2011 Annual Report
1a.Objectives (from AD-416)
Objective 1: Investigate geographical differences in morbidity and mortality from Nosema sp., including interactions with other biotic and abiotic challenges in full colony studies in stationary location in Weslaco, TX.
(This objective is a part of a larger experiment conducted in a number of different locations throughout the United States).
Objective 2: Determine individual bee morbidity and mortality from Nosema sp., including interactions with other biotic and abiotic challenges using caged studies.
Objective 3: Investigate the honey bee defense pathways against microbial pathogens.

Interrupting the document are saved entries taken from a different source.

Lemma comb_tiling_mixed : is_mixed l comb_tiling.
Proof.
have f0 := admissible_start0 adm_f l_gt1.
apply/andP; split; apply/exists_inP; last by have [s Ts _] := comb_slot_in f0; exists (true, s).
(* The comb starting in cell 0 lies in row [r], so the other slot of cell 0 holds a
   half-square. *)
have lt_j : (~~ r : nat) < l.*2 by case: r => /=; lia.
exists (false, Ordinal lt_j) => //; rewrite inE /=.
apply/negP => /existsP [s /andP [/andP [fs /eqP os] /[!mem_teeth_comb] /and3P [le_s _ /eqP oj]]].
have s0 : s %/ 2 = 0 by case: r le_s oj => /=; lia.
by move: os; rewrite s0 count_range_geq // addbF -oj; case: r.
Qed.

Lemma comb_tiling_at_slot1 : comb_at_slot1 comb_tiling = r.
Proof.
apply/exists_inP/idP => [[[[] s] // Ts /eqP s1] | r_true].
  by move: Ts; rewrite inE /= /comb_slot_ok s1 count_range_geq // addbF => /andP [_ /eqP <-].
have lt_1 : 1 < l.*2 by lia.
exists (true, Ordinal lt_1) => //.
rewrite inE /= /comb_slot_ok (_ : 1 %/ 2 = 0) // count_range_geq //.
by rewrite (admissible_start0 adm_f l_gt1) r_true.
Qed.

Lemma comb_tiling_starts : comb_start comb_tiling =1 f.
Proof.
move=> c; apply/idP/idP => [/comb_startP [s] | fc].
  by rewrite inE => /andP [fs _] <-.
by have [s Ts <-] := comb_slot_in fc; exact: comb_start_in Ts.
Qed.

End CombTiling.

End Tilings.

Definition ord_set (l : nat) (f : pred nat) : {set 'I_l} := [set c : 'I_l | f c].

Definition nat_pred {l} (F : {set 'I_l}) (x : nat) := x \in map val (enum F).

Lemma nat_pred_ord {l} (F : {set 'I_l}) (i : 'I_l) : nat_pred F i = (i \in F).
Proof. by rewrite /nat_pred (mem_map val_inj) mem_enum. Qed.

Lemma nat_pred_lt {l} (F : {set 'I_l}) x : nat_pred F x -> x < l.
Proof. by case/mapP => i _ ->; exact: ltn_ord. Qed.
Lemma perm_ext {X : Type} (p q : perm X) : (forall x, pf p x = pf q x) -> p = q.
Proof.
  destruct p as [f g fK gK], q as [f' g' fK' gK']; simpl; intro E.
  assert (Ef : f = f') by (apply functional_extensionality; exact E).
  subst f'.
  assert (Eg : g = g').
  { apply functional_extensionality; intro x.
    rewrite <- (fK' x) at 1. apply gK. }
  subst g'. f_equal; apply proof_irrelevance.
Qed.

Definition perm_mul {X : Type} (p q : perm X) : perm X.
Proof.
  refine (Perm (fun x => pf p (pf q x)) (fun x => pg q (pg p x)) _ _).
  - intro x. rewrite !pfK. reflexivity.
  - intro x. rewrite !pgK. reflexivity.
Defined.

Definition perm_inv {X : Type} (p : perm X) : perm X :=
  Perm (pg p) (pf p) (pgK p) (pfK p).

Definition perm_one (X : Type) : perm X :=
  Perm (fun x => x) (fun x => x) (fun x => eq_refl) (fun x => eq_refl).

Definition Sym (X : Type) : group.
Proof.
  refine (@Group (perm X) perm_mul perm_inv (perm_one X) _ _ _);
    intros; apply perm_ext; intros; simpl; [reflexivity | reflexivity | apply pgK].
Defined.
Canonical Sym.

Definition ProdG (A B : group) : group.
Proof.
  refine (@Group (A * B)%type
    (fun p q => (fst p · fst q, snd p · snd q))
    (fun p => ((fst p)⁻¹, (snd p)⁻¹)) (gone, gone) _ _ _).
  - intros [a1 b1] [a2 b2] [a3 b3]; simpl; rewrite !mulgA; reflexivity.
  - intros [a b]; simpl; rewrite !mul1g; reflexivity.
  - intros [a b]; simpl; rewrite !mulVg; reflexivity.
Defined.

Definition inl_hom (A B : group) : hom A (ProdG A B).
Proof.
  refine (@Hom A (ProdG A B) (fun a => (a, gone)) _).
  intros x y. simpl. rewrite mul1g. reflexivity.
Defined.

Definition inr_hom (A B : group) : hom B (ProdG A B).
Proof.
  refine (@Hom B (ProdG A B) (fun b => (gone, b)) _).
  intros x y. simpl. rewrite mul1g. reflexivity.
Defined.

Section Quotient.
Context {G : group} {N : G -> Prop} (HN : is_normal _ N).

Definition coset (a : G) : G -> Prop := fun b => N (a⁻¹ · b).

Definition quot := {C : G -> Prop | exists a, C = coset a}.

Definition qpi (a : G) : quot := exist _ (coset a) (ex_intro _ a eq_refl).

Lemma qpi_eq a b : qpi a = qpi b <-> N (a⁻¹ · b).
Proof.
  split.
  - intro E.
    assert (Hb : proj1_sig (qpi b) b).
    { simpl. unfold coset. rewrite mulVg. apply normal1, HN. }
    rewrite <- E in Hb. exact Hb.
  - intro Nab. apply eq_sig_hprop; [intros; apply proof_irrelevance|]. simpl.
    apply functional_extensionality; intro c. apply propositional_extensionality.
    unfold coset. split; intro Nc.
    + replace (b⁻¹ · c) with ((a⁻¹ · b)⁻¹ · (a⁻¹ · c))
        by (rewrite invMg, invgK, <- mulgA, mulKVg; reflexivity).
      apply normalM, Nc; [exact HN|]. apply normalV; assumption.
    + replace (a⁻¹ · c) with (a⁻¹ · b · (b⁻¹ · c))
        by (rewrite <- mulgA, mulKVg; reflexivity).
      apply normalM; assumption.
Qed.

Lemma qpi_surj (C : quot) : exists a, C = qpi a.
Proof.
  destruct C as [C [a ->]]. exists a.
  apply eq_sig_hprop; [intros; apply proof_irrelevance | reflexivity].
Qed.
(* A map with kernel partition P is an injection of the blocks of P into 'I_m. *)
Lemma card_preim_partition m :
  #|[set f : {ffun 'I_n -> 'I_m} | preim_partition f [set: 'I_n] == P]| =
  m ^_ #|P|.
Proof.
have -> : m ^_ #|P| =
    #|[set g : {ffun {B : {set 'I_n} | B \in P} -> 'I_m} | injectiveb g]|.
  by rewrite card_inj_ffuns card_ord card_sig; congr (_ ^_ _); apply: eq_card.
pose lift_blocks (g : {ffun {B : {set 'I_n} | B \in P} -> 'I_m}) :=
  [ffun x => g (block_of x)].
rewrite -(card_in_imset (f := lift_blocks)); last first.
  move=> g1 g2 _ _ /ffunP g12; apply/ffunP => b.
  by have [x /eqP <-] := block_of_surj b; have := g12 x; rewrite !ffunE.
congr #|pred_of_set _|; apply/setP => f; rewrite inE preim_partition_eqE.
apply/forallP/imsetP => [fP | [g]]; last first.
  rewrite inE => /injectiveP g_inj -> x; apply/forallP => y.
  by rewrite !ffunE (inj_eq g_inj) block_of_eq.
pose g := [ffun b => f (xchoose (block_of_surj b))].
have g_block x : g (block_of x) = f x.
  rewrite ffunE; apply/eqP; rewrite eq_sym.
  move/forallP: (fP x) => /(_ (xchoose _)) /eqP ->.
  by rewrite -block_of_eq eq_sym (xchooseP (block_of_surj _)).
exists g; last by apply/ffunP => x; rewrite ffunE g_block.
rewrite inE; apply/injectiveP => b1 b2.
have [x1 /eqP <-] := block_of_surj b1; have [x2 /eqP <-] := block_of_surj b2.
rewrite !g_block => f12; apply/eqP; rewrite block_of_eq.
by move/forallP: (fP x1) => /(_ x2) /eqP <-; rewrite f12.
Qed.

End KernelPartition.

Section PartitionsOfOrdinal.

Variable n : nat.

Lemma expn_sum_partitions m :
  m ^ n = \sum_(P : {set {set 'I_n}} | partition P [set: 'I_n]) m ^_ #|P|.
Proof.
rewrite -[m in LHS]card_ord -[n in LHS]card_ord -card_ffun -sum1_card.
rewrite (partition_big (fun f : {ffun 'I_n -> 'I_m} => preim_partition f [set: 'I_n])
   (fun P => partition P [set: 'I_n])) /=; last by move=> f _; apply: preim_partitionP.
apply: eq_bigr => P partP; rewrite -(card_preim_partition partP) -sum1_card.
by apply: eq_bigl => f; rewrite inE.
Qed.

Lemma card_partition_leq (P : {set {set 'I_n}}) :
  partition P [set: 'I_n] -> #|P| <= n.
Proof.
move=> partP; rewrite -[n in _ <= n]card_ord -cardsT (card_partition partP).
rewrite -sum1_card leq_sum // => B PB.
by rewrite card_gt0 (partition_neq0 partP).
Qed.

Definition npartitions k :=
  #|[set P : {set {set 'I_n}} | partition P [set: 'I_n] & #|P| == k]|.

Lemma sum_partitions_card (F : nat -> nat) :
  \sum_(P : {set {set 'I_n}} | partition P [set: 'I_n]) F #|P| =
  \sum_(k < n.+1) npartitions k * F k.
Proof.
rewrite (partition_big (fun P : {set {set 'I_n}} => inord #|P| : 'I_n.+1) predT) //=.
apply: eq_bigr => k _; rewrite -sum_nat_const.
apply: eq_big => [P | P /andP[partP /eqP <-]]; rewrite ?inE.
  case partP: (partition P _) => //=.
  by rewrite -val_eqE /= inordK // ltnS card_partition_leq.
by rewrite inordK // ltnS card_partition_leq.
Qed.

Lemma bell_npartitions : bell n = \sum_(k < n.+1) npartitions k.
Proof.
under eq_bigr do rewrite -[npartitions _]muln1.
rewrite -(sum_partitions_card (fun=> 1%N)) /bell -sum1_card.
by apply: eq_bigl => P; rewrite inE.
Qed.

Lemma expn_npartitions m : m ^ n = \sum_(k < n.+1) npartitions k * m ^_ k.
Proof. by rewrite expn_sum_partitions sum_partitions_card. Qed.

End PartitionsOfOrdinal.
(* For every positive integer $n$: (i) $b^{2}_{3,4}(6n+4)\equiv 0\pmod 2$; (ii) $b^{2}_{3,4}(6n+2)\equiv b^{3}_{3}(n)\pmod 2$; (iii) $b^{2}_{3,4}(12n+6)\equiv 0\pmod 2$; (iv) $b^{2}_{3,4}(12n)\equiv p(n)\pmod 2$.
   Context: For integers $r\ge1$ write $f_r=\prod_{j\ge1}(1-q^{rj})$. $b^{2}_{3,4}(n)$ is the number of $2$-colored partitions of $n$ into parts not divisible by $3$ or $4$, i.e. $\sum_{n\ge0}b^2_{3,4}(n)q^n=\dfrac{f_3^2f_4^2}{f_1^2f_{12}^2}$. $b^{3}_{3}(n)$ is the number of $3$-colored partitions of $n$ into parts not divisible by $3$, i.e. $\sum_{n\ge0}b^3_3(n)q^n=\dfrac{f_3^3}{f_1^3}$. $p(n)$ is the ordinary partition function, $\sum_{n\ge0}p(n)q^n=1/f_1$. *)

From mathcomp Require Import all_boot all_order all_algebra.
Set Implicit Arguments. Unset Strict Implicit. Unset Printing Implicit Defensive.
Import GRing.Theory.
Local Open Scope ring_scope.

(* Truncations (exact in all coefficients of degree <= n) of the q-series
   f_r = prod_{j>=1} (1 - q^{rj}) and 1/f_r = prod_{j>=1} sum_{k>=0} q^{rjk},
   as integer polynomials. *)
Definition f_trunc (r n : nat) : {poly int} :=
  \prod_(j < n) (1 - 'X^(r * j.+1)).
Definition finv_trunc (r n : nat) : {poly int} :=
  \prod_(j < n) \sum_(k < n.+1) 'X^(r * j.+1 * k).

Definition b2_34 (n : nat) : int :=
  (f_trunc 3 n ^+ 2 * f_trunc 4 n ^+ 2 *
   finv_trunc 1 n ^+ 2 * finv_trunc 12 n ^+ 2)`_n.

Definition b3_3 (n : nat) : int :=
  (f_trunc 3 n ^+ 3 * finv_trunc 1 n ^+ 3)`_n.
Section MarkovMoves.
Variables (k : fieldType) (a1 a2 a3 c1 c2 c3 v12 v13 v21 v23 v31 v32 : int).
Hypothesis markovM : markov_basis k (vec3 a1 a2 a3) (moves3 c1 c2 c3 v12 v13 v21 v23 v31 v32).
Hypotheses (a1_gt0 : 0 < a1) (lt_a1a2 : a1 < a2) (lt_a2a3 : a2 < a3).
Hypotheses (c1_gt0 : 0 < c1) (c2_gt0 : 0 < c2) (c3_gt0 : 0 < c3).
Hypotheses (v12_gt0 : 0 < v12) (v13_gt0 : 0 < v13) (v21_gt0 : 0 < v21).
Hypotheses (v23_gt0 : 0 < v23) (v31_gt0 : 0 < v31) (v32_gt0 : 0 < v32).

Lemma markov_moves3_c1_le (X Y Z : int) : 0 <= Y -> 0 <= Z -> 0 < Y + Z ->
  a1 * X = a2 * Y + a3 * Z -> c1 <= X.
Proof.
move=> Y0 Z0 YZ0 eX; rewrite leNgt; apply/negP => ltX.
have uker : inker (vec3 a1 a2 a3) (vec3 X (- Y) (- Z)) by rewrite inker_vec3; lia.
have unz : vec3 X (- Y) (- Z) != 0 by apply/eqP => /vec3_eq0; lia.
have [g Mg] := markov_basis_divisor markovM uker unz.
by case: Mg => [|[|]] ->; rewrite !posv3 negv3 !expo_vec3_le => /orP[/and3P[] | /and3P[]]; lia.
Qed.

Lemma markov_moves3_c2_le (X Y Z : int) : 0 <= Y -> 0 <= Z -> 0 < Y + Z ->
  a2 * X = a1 * Y + a3 * Z -> c2 <= X.
Proof.
move=> Y0 Z0 YZ0 eX; rewrite leNgt; apply/negP => ltX.
have uker : inker (vec3 a1 a2 a3) (vec3 (- Y) X (- Z)) by rewrite inker_vec3; lia.
have unz : vec3 (- Y) X (- Z) != 0 by apply/eqP => /vec3_eq0; lia.
have [g Mg] := markov_basis_divisor markovM uker unz.
by case: Mg => [|[|]] ->; rewrite !posv3 negv3 !expo_vec3_le => /orP[/and3P[] | /and3P[]]; lia.
Qed.

Lemma markov_moves3_c3_le (X Y Z : int) : 0 <= Y -> 0 <= Z -> 0 < Y + Z ->
  a3 * X = a1 * Y + a2 * Z -> c3 <= X.
Proof.
move=> Y0 Z0 YZ0 eX; rewrite leNgt; apply/negP => ltX.
have uker : inker (vec3 a1 a2 a3) (vec3 (- Y) (- Z) X) by rewrite inker_vec3; lia.
have unz : vec3 (- Y) (- Z) X != 0 by apply/eqP => /vec3_eq0; lia.
have [g Mg] := markov_basis_divisor markovM uker unz.
by case: Mg => [|[|]] ->; rewrite !posv3 negv3 !expo_vec3_le => /orP[/and3P[] | /and3P[]]; lia.
Qed.

Lemma markov_moves3_distance_reducing : v21 < c2 + v23 \/ v31 < v32 + c3 ->
  distance_reducing (vec3 a1 a2 a3) (moves3 c1 c2 c3 v12 v13 v21 v23 v31 v32).
Proof.
have /inker_vec3 ker1 := markovM.1 _ (or_introl erefl).
have /inker_vec3 ker2 := markovM.1 _ (or_intror (or_introl erefl)).
have /inker_vec3 ker3 := markovM.1 _ (or_intror (or_intror erefl)).
apply: moves3_distance_reducing => //; try lia.
- exact: markov_moves3_c1_le.
- exact: markov_moves3_c2_le.
- exact: markov_moves3_c3_le.
Qed.

End MarkovMoves.

Lemma circuit_in_kernel (a1 a2 a3 : nat) : (a1 < a2)%N -> (a2 < a3)%N ->
  let gam := gcdn a2 a3 in let z := vec3 0 (a3 %/ gam)%N%:Z (- (a2 %/ gam)%N%:Z) in
  inker (vec3 a1%:Z a2%:Z a3%:Z) z /\ z != 0.
Proof.
move=> lt_a1a2 lt_a2a3 gam z.
have gam_gt0 : (0 < gam)%N by rewrite gcdn_gt0 (leq_ltn_trans _ lt_a1a2).
have : (a2 * (a3 %/ gam) = a3 * (a2 %/ gam))%N.
  by rewrite !muln_divA ?dvdn_gcdr ?dvdn_gcdl // mulnC.
have : (0 < a3 %/ gam)%N.
  by rewrite divn_gt0 // dvdn_leq ?dvdn_gcdr // (leq_ltn_trans _ lt_a2a3).
rewrite /z inker_vec3; move: (a3 %/ gam)%N (a2 %/ gam)%N => b a b_gt0 eab.
by split; [lia | apply/eqP => /vec3_eq0; lia].
Qed.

Objective 4: Develop diagnostic tools for field and laboratory detection and monitoring of honey bees diseases (Nosema ceranae).
1b.Approach (from AD-416)
A new apiary will be established to conduct Grand Experiment study described in "Biotic threats" section. Thirty honey bee colonies will be maintained at Weslaco, TX, site by the Research Unit personnel. Bee samples will be collected bi-weekly and stored in -80 C; pollen samples will be collected on a monthly basis and shipped to collaborators for pesticide residue analysis.
Cage Experiment: Nosema ceranae infection study will be conducted in Weslaco in collaboration with Dr. Webster, Kentucky State University. Bees will be infected with different biotypes of N. ceranae in cages. Honey bee samples will be collected at the different stages as the disease progresses to determine the differential gene expression in response to infection. Bee samples collected from the cage infection study will be analyzed using quantitative PCR (qRT-PCR) to estimate the differences in the level of bee immune responses between Nosema-infected and healthy bees. Infection of bees with N. cerana will be confirmed using DNA-base method and microscopic observation of the dissected bees.
Dipstick assay: We propose to develop a highly sensitive dipstick test for detection of Nosema infection in bee colonies. The test is based on the antibodies of N. ceranae raised in small animals, and it will be able to detect Nosema antigen in honey bee samples. A dipstick assay will be evaluated and optimized on honey bee samples collected in six different locations in the U.S. Production and marketing of the dipsticks is not included in the scope of this study.
We developed the bioassay methodology for infecting honey bees in small cages using Nosema spores. This new methodology ensures that mortality of caged bees is not associated with the stress due to the handling of newly emerged bees and/or rearing conditions of bees in cages. Following our new infection protocol, we have determined the level of bee mortality for different species of Nosema (N. ceranae vs. N. apis) at a range of concentrations from 50 to 50,000 spores per bee. A high dose of N. apis spores resulted in an increased bee mortality of infected bees recorded during the first and second week post inoculation. This is at least a week earlier than the increase of mortality recorded for N. ceranae-treated bees. However, the levels of bee mortality differ significantly when bees are fed an intermediate concentration of spores (500 spores per bee) producing 70% vs. 50% bee mortality in N. apis vs. N. ceranae treatments, respectively. In general, spore production in bees treated with a high dose of either species of Nosema spores resulted in higher mortality and greater spore production independent of Nosema species.